9 files changed, 45 insertions, 10 deletions
diff --git a/random/ChangeLog b/random/ChangeLog
index bb308688..19042680 100644
--- a/random/ChangeLog
+++ b/random/ChangeLog
@@ -1,3 +1,8 @@
+2008-09-05  Werner Koch  <wk@g10code.com>
+
+	* random.c (_gcry_random_selftest): Return success if not in fips
+	mode.
+
 2008-09-01  Werner Koch  <wk@g10code.com>
 
 	* random-fips.c (x931_get_dt) [W32]: Do not use getppid.
diff --git a/random/random-fips.c b/random/random-fips.c
index effce500..f81ab466 100644
--- a/random/random-fips.c
+++ b/random/random-fips.c
@@ -783,6 +783,9 @@ _gcry_rngfips_is_faked (void)
 gcry_error_t
 _gcry_rngfips_add_bytes (const void *buf, size_t buflen, int quality)
 {
+  (void)buf;
+  (void)buflen;
+  (void)quality;
   return 0;  /* Not implemented. */
 }   
 
diff --git a/random/random.c b/random/random.c
index 3e71195d..7a286b8e 100644
--- a/random/random.c
+++ b/random/random.c
@@ -280,6 +280,6 @@ _gcry_random_selftest (selftest_report_func_t report)
   if (fips_mode ())
     return _gcry_rngfips_selftest (report);
   else
-    return gpg_error (GPG_ERR_NOT_SUPPORTED);
+    return 0; /* No selftests yet.  */
 }
 
diff --git a/src/ChangeLog b/src/ChangeLog
index 57cad799..57826a23 100644
--- a/src/ChangeLog
+++ b/src/ChangeLog
@@ -1,3 +1,10 @@
+2008-09-05  Werner Koch  <wk@g10code.com>
+
+	* gcrypt.h.in (GCYRCTL_SELFTEST): New.
+	* global.c (_gcry_vcontrol): Implement.

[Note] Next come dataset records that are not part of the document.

Let t_sym : symmetric t. Proof. by case: t_tree. Qed.
Let t_conn x : connect t r x. Proof. by case: t_tree. Qed.

Lemma parent_step x : x != r -> t x (parent x) /\ (depth (parent x)).+1 = depth x.
Proof.
move=> xr; suff [y txy dy] : exists2 y, t x y & (depth y).+1 = depth x.
  rewrite /parent; case: pickP => [z /andP[tz /eqP dz] //|none].
  by have := none y; rewrite /= txy dy eqxx.
have /existsP[q /andP[pq /eqP lq]] := reaches_in_depth (t_conn x).
move: (size_tuple q) pq lq; case/lastP: (tval q) => [|q' z] /=.
  by move=> _ _ rx; rewrite rx eqxx in xr.
rewrite size_rcons rcons_path last_rcons => sq /andP[pq' tz] zx; subst z.
exists (last r q'); first by rewrite t_sym.
apply/eqP; rewrite eqn_leq -sq ltnS depth_min ?(reaches_in_path pq') //=.
by rewrite sq depth_edge.
Qed.

Lemma depth_parent x : x != r -> (depth (parent x)).+1 = depth x.
Proof. by case/parent_step. Qed.

(* The 2(|I|-1) ordered edges of a tree are exactly the pairs
   (x, parent x) and (parent x, x) for x <> r. *)
Lemma tree_edge_parent x z : t x z ->
  (x != r /\ z = parent x) \/ (z != r /\ x = parent z).
Proof.
case: t_tree => _ _ _ _ card_edges.
set A := [set (y, parent y) | y in [set~ r]].
set A' := [set (parent y, y) | y in [set~ r]].
have cardA : #|A| = #|I| - 1 by rewrite card_imset ?cardsC1 ?subn1 // => y y' [].
have cardA' : #|A'| = #|I| - 1 by rewrite card_imset ?cardsC1 ?subn1 // => y y' [].
have disjA : [disjoint A & A'].
  apply/pred0P=> p /=; apply/negP=> /andP[/imsetP[y + ->] /imsetP[y' + [ey ey']]].
  rewrite !inE => /depth_parent dy /depth_parent dy'.
  by rewrite ey' in dy; rewrite -ey in dy'; lia.
have subE : A :|: A' \subset [set p | t p.1 p.2].
  apply/subsetP=> p; rewrite !inE => /orP[]/imsetP[y + ->];
    by rewrite !inE => /parent_step[ty _] /=; rewrite // t_sym.
have EA : A :|: A' = [set p | t p.1 p.2].
  apply/eqP; rewrite eqEcard subE card_edges /=.
  by rewrite cardsU (disjoint_setI0 disjA) cards0 subn0 cardA cardA' addnn mul2n.
move=> txz; have : (x, z) \in A :|: A' by rewrite EA inE.
by rewrite inE => /orP[]/imsetP[y]; rewrite !inE => yr [-> ->]; [left | right].
Qed.

Lemma depth_iter_parent k x : depth (iter k parent x) = depth x - k.
Proof.
elim: k => [|k IH]; first by rewrite subn0.
rewrite iterS; case: (eqVneq (iter k parent x) r) => [xr|/depth_parent].
  by move: IH; rewrite xr parent_root depth_root; lia.
by lia.
Qed.

Definition descendant (y z : I) : bool := iter (depth z - depth y) parent z == y.

Lemma descendant_refl y : descendant y y.
Proof. by rewrite /descendant subnn. Qed.

Lemma descendant_depth y z : descendant y z -> depth y <= depth z.
Proof.
rewrite /descendant; case: leqP => // lt_zy.
rewrite (_ : _ - _ = 0) /=; last by lia.
by move/eqP=> zy; rewrite zy ltnn in lt_zy.
Qed.

Lemma descendant_parent y z : descendant y z -> z != y -> descendant y (parent z).
Proof.
move=> yz zy; have := descendant_depth yz; rewrite leq_eqVlt => /orP[/eqP dyz|lt_yz].
  by move: yz; rewrite /descendant dyz subnn /= => /eqP zy'; rewrite zy' eqxx in zy.
have zr : z != r by apply: contraTneq lt_yz => ->; rewrite depth_root.
have dz := depth_parent zr.
move: yz; rewrite /descendant (_ : depth z - _ = (depth (parent z) - depth y).+1) ?iterSr //.
by lia.
Qed.

Lemma descendant_child y z : z != r -> descendant y (parent z) -> descendant y z.
Proof.
move=> zr yz; have le_yz := descendant_depth yz; have dz := depth_parent zr.
move: yz; rewrite /descendant (_ : depth z - _ = (depth (parent z) - depth y).+1) ?iterSr //.
by lia.
Qed.

(* A vertex of minimal depth in [S], with junk value [r] if [S] is empty. *)
Definition top (S : {set I}) : I :=
  odflt r [pick x in S | [forall y in S, depth x <= depth y]].

Lemma top_spec S : S != set0 ->
  top S \in S /\ {in S, forall y, depth (top S) <= depth y}.
Proof.
case/set0Pn=> x0 x0S; rewrite /top; case: pickP => [x /andP[xS /forall_inP min_x] //|none].
case: (arg_minnP depth x0S) => x xS min_x; move/negP: (none x); case.
by apply/andP; split=> //; apply/forall_inP.
Qed.

(* The path from [y] to [top S] inside [S] leaves the descendants of [y]
   through a tree edge, which must be the edge from [y] to its parent. *)
Lemma parent_in_subtree S y :
  connected_in t S -> S != set0 -> y \in S -> y != top S -> parent y \in S.
Proof.
move=> cS /top_spec[sS min_s] yS ys; set s := top S in sS min_s ys *.
have ys_conn : connect (induced_rel t S) y s.
  by move/forall_inP/(_ y yS)/forall_inP: cS; apply.
have s_not_desc : ~~ descendant y s.
  apply: contra ys => desc_s; have le_ys := descendant_depth desc_s.
  have le_sy := min_s y yS; have d0 : depth s - depth y = 0 by lia.
  by move: desc_s; rewrite /descendant d0 eq_sym.
have [a [b [/and3P[tab aS bS]]]] :=
  connect_crossing (D := [pred z | descendant y z]) ys_conn (descendant_refl y) s_not_desc.
rewrite !inE => ya yb; case: (tree_edge_parent tab) => [[ar eb]|[br ea]].
  have [<-|ay] := eqVneq a y; first by rewrite -eb.
  by rewrite eb (descendant_parent ya ay) in yb.
by rewrite ea in ya; rewrite (descendant_child br ya) in yb.
Qed.

Lemma iter_parent_in_subtree S y k : connected_in t S -> y \in S ->
  k <= depth y - depth (top S) -> iter k parent y \in S.
Proof.
move=> cS yS; have S0 : S != set0 by apply/set0Pn; exists y.
elim: k => [//|k IH] lt_k; rewrite iterS.
apply: (parent_in_subtree cS S0 (IH (ltnW lt_k))).
by apply/eqP=> top_k; have := depth_iter_parent k y; rewrite top_k; lia.
Qed.

Lemma iter_parent_top S y : connected_in t S -> y \in S ->
  iter (depth y - depth (top S)) parent y = top S.
Proof.
move=> cS yS; have S0 : S != set0 by apply/set0Pn; exists y.
have [sS min_s] := top_spec S0; set z := iter _ parent y.
have zS : z \in S by apply: iter_parent_in_subtree.
have dz : depth z = depth (top S).
  by rewrite depth_iter_parent; have := min_s y yS; lia.
apply/eqP; apply: contraT => zs; have pS := parent_in_subtree cS S0 zS zs.
have [zr|zr] := eqVneq z r.
  have top_r : top S = r by apply: (depth_eq0 (t_conn _)); rewrite -dz zr depth_root.
  by rewrite zr top_r eqxx in zs.
by have := depth_parent zr; have := min_s _ pS; lia.
Qed.

Lemma iter_depth_parent x : iter (depth x) parent x = r.
Proof. by apply: (depth_eq0 (t_conn _)); rewrite depth_iter_parent subnn. Qed.

Lemma top_in_subtree S S' x : connected_in t S -> connected_in t S' ->
  x \in S -> x \in S' -> depth (top S) <= depth (top S') -> top S' \in S.
Proof.
move=> cS cS' xS xS' le_top; rewrite -(iter_parent_top cS' xS').
by apply: iter_parent_in_subtree => //; apply: leq_sub2l.
Qed.

Lemma connect_iter_parent (X : {set I}) x k :
  (forall l, l <= k -> iter l parent x \in X) -> connect (induced_rel t X) x (iter k parent x).
Proof.
elim: k => [|k IH] inX; first exact: connect0.
apply: connect_trans (IH (fun l le_lk => inX l (leqW le_lk))) _.
rewrite iterS; have [->|xr] := eqVneq (iter k parent x) r; first by rewrite parent_root.
have [tx _] := parent_step xr; apply: connect1.
by rewrite /induced_rel tx -iterS !inX.
Qed.
End RootedTree.

Lemma induced_rel_sym (I : finType) (t : rel I) (X : {set I}) :
  symmetric t -> symmetric (induced_rel t X).
Proof. by move=> t_sym x y; rewrite /induced_rel t_sym [(x \in X) && _]andbC. Qed.

(* Root the tree anywhere and take [j] whose subtree has the deepest top:
   that top lies in every other subtree, as each meets [F j]. *)
Lemma subtrees_common_point (I J : finType) (t : rel I) (F : J -> {set I}) :
  is_tree t -> (forall j, connected_in t (F j)) ->
  (forall j j', F j :&: F j' != set0) ->
  exists i, forall j, i \in F j.
Proof.
move=> /[dup] t_tree [_ _ /card_gt0P[r _] _ _] cF meetF.
have [j0 _|J0] := pickP (@predT J); last by exists r => j; have := J0 j.
case: (arg_maxnP (fun j => depth t r (top t r (F j))) (isT : predT j0)) => jm _ max_jm.
exists (top t r (F jm)) => j; have /set0Pn[x] := meetF j jm.
rewrite inE => /andP[xj xm].
exact: (top_in_subtree t_tree (cF j) (cF jm) xj xm (max_jm j isT)).
Qed.

Lemma subtrees_meet_connected (I J : finType) (t : rel I) (F : J -> {set I}) :
  is_tree t -> (forall j, connected_in t (F j)) ->
  connected_in t [set i | [forall j, i \in F j]].
Proof.
move=> /[dup] t_tree [t_sym _ /card_gt0P[r _] _ _] cF; set X := [set i | _].
suff [s to_s] : exists s, {in X, forall x, connect (induced_rel t X) x s}.
  apply/forall_inP=> x xX; apply/forall_inP=> y yX; apply: connect_trans (to_s x xX) _.
  by rewrite (sym_connect_sym (induced_rel_sym _ t_sym)) to_s.
have [j0 _|J0] := pickP (@predT J); last first.
  exists r => x _; rewrite -(iter_depth_parent r t_tree x).
  by apply: connect_iter_parent => // l _; rewrite inE; apply/forallP=> j; have := J0 j.
case: (arg_maxnP (fun j => depth t r (top t r (F j))) (isT : predT j0)) => jm _ max_jm.
exists (top t r (F jm)) => x; rewrite inE => /forallP xF.
rewrite -(iter_parent_top r t_tree (cF jm) (xF jm)).
apply: connect_iter_parent => // l le_l; rewrite inE; apply/forallP=> j.
apply: iter_parent_in_subtree => //; apply: leq_trans le_l _.
exact/leq_sub2l/max_jm.
Qed.

Section Contraction.
Variables (V W I : finType) (e : rel V) (f : rel W) (t : rel I).
Variable B : I -> {set V * W}.
Hypothesis e_sym : symmetric e.
Hypothesis B_td : tree_decomposition (strong_prod e f) t B.
Variables (n : nat) (C : 'I_n -> {set W}).
Hypothesis C_neq0 : forall j, C j != set0.
Hypothesis C_connected : forall j, connected_in f (C j).
Hypothesis C_disjoint : forall j j', j != j' -> [disjoint C j & C j'].
Hypothesis C_adjacent :
  forall j j', j != j' -> [exists x in C j, exists y in C j', f x y].

Definition occurrences (x : V * W) : {set I} := [set i | x \in B i].

Definition branch_occurrences (v : V) (j : 'I_n) : {set I} :=
  \bigcup_(h in C j) occurrences (v, h).

Definition contracted_bag (i : I) : {set V} :=
  [set v | [forall j, i \in branch_occurrences v j]].

Lemma occurrences_meet v u h h' : (v == u) || e v u -> (h == h') || f h h' ->
  occurrences (v, h) :&: occurrences (u, h') != set0.
Proof.
case: B_td => _ B_cover B_edge _ vu hh'; apply/set0Pn.
have [<-|neq] := eqVneq (v, h) (u, h').
  by have [i vi] := B_cover (v, h); exists i; rewrite !inE vi.
have [i /andP[vi ui]] := B_edge (v, h) (u, h') (introT and3P (And3 neq vu hh')).
by exists i; rewrite !inE vi ui.
Qed.

Lemma branch_occurrences_connected v j : connected_in t (branch_occurrences v j).
Proof.
case: B_td => _ _ _ B_connected; apply: connected_in_bigcup (C_connected j) _ _.
  by move=> h _; apply: B_connected.
by move=> h h' _ _ fhh'; rewrite occurrences_meet ?eqxx ?fhh' ?orbT.
Qed.

Lemma branch_occurrences_meet v u j j' : (v == u) || e v u ->
  branch_occurrences v j :&: branch_occurrences u j' != set0.
Proof.
move=> vu; have [h [h' [hC h'C hh']]] :
    exists h h', [/\ h \in C j, h' \in C j' & (h == h') || f h h'].
  have [<-|jj'] := eqVneq j j'.
    by have /set0Pn[h hC] := C_neq0 j; exists h, h; rewrite hC eqxx.
  have /exists_inP[h hC /exists_inP[h' h'C fhh']] := C_adjacent jj'.
  by exists h, h'; rewrite fhh' orbT.
have /set0Pn[i] := occurrences_meet vu hh'; rewrite inE => /andP[vi ui].
by apply/set0Pn; exists i; rewrite inE; apply/andP; split; apply/bigcupP;
  [exists h | exists h'].
Qed.

Let t_tree : is_tree t. Proof. by case: B_td. Qed.

Lemma contracted_bags_meet v u : (v == u) || e v u ->
  exists i, (v \in contracted_bag i) && (u \in contracted_bag i).
Proof.
move=> vu; pose F (bj : bool * 'I_n) := branch_occurrences (if bj.1 then v else u) bj.2.
have [|[b j] [b' j']|i Fi] := subtrees_common_point (F := F) t_tree.
- by move=> ?; apply: branch_occurrences_connected.
- by apply: branch_occurrences_meet; case: b; case: b'; rewrite ?eqxx // (eq_sym u) e_sym.
exists i; rewrite !inE; apply/andP; split; apply/forallP=> j.
  exact: (Fi (true, j)).
exact: (Fi (false, j)).
Qed.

+	* fips.c (_gcry_fips_run_selftests): Do state transitions only if
+	in fips mode.  Return an error code.
+
 2008-09-01  Werner Koch  <wk@g10code.com>
 
 	* stdmem.c: Re-indented.
diff --git a/src/fips.c b/src/fips.c
index 04b34d87..73a5816a 100644
--- a/src/fips.c
+++ b/src/fips.c
@@ -200,8 +200,8 @@ unlock_fsm (void)
 
 /* This function returns true if fips mode is enabled.  This is
    independent of the fips required finite state machine and only used
-   to enable run fips specific code.  Please use the fips_mode macro
-   instead of calling this fucntion directly. */
+   to enable fips specific code.  Please use the fips_mode macro
+   instead of calling this function directly. */
 int
 _gcry_fips_mode (void)
 {
@@ -520,12 +520,14 @@ check_binary_integrity (void)
 
 
 /* Run the self-tests.  */
-void
+gpg_err_code_t
 _gcry_fips_run_selftests (void)
 {
   enum module_states result = STATE_ERROR;
+  gcry_err_code_t ec = GPG_ERR_SELFTEST_FAILED;
   
-  fips_new_state (STATE_SELFTEST);
+  if (fips_mode ())
+    fips_new_state (STATE_SELFTEST);
 
   if (run_cipher_selftests ())
     goto leave;
@@ -549,9 +551,13 @@ _gcry_fips_run_selftests (void)
 
   /* All selftests passed.  */
   result = STATE_OPERATIONAL;
+  ec = 0;
 
  leave:
-  fips_new_state (result);
+  if (fips_mode ())
+    fips_new_state (result);
+
+  return ec;
 }
 
 
diff --git a/src/g10lib.h b/src/g10lib.h
index 98602527..1a7ddffb 100644
--- a/src/g10lib.h
+++ b/src/g10lib.h
@@ -316,7 +316,7 @@ int _gcry_fips_is_operational (void);
 int _gcry_fips_test_operational (void);
 int _gcry_fips_test_error_or_operational (void);
 
-void _gcry_fips_run_selftests (void);
+gpg_err_code_t _gcry_fips_run_selftests (void);
 
 void _gcry_fips_noreturn (void);
 #define fips_noreturn()  (_gcry_fips_noreturn ())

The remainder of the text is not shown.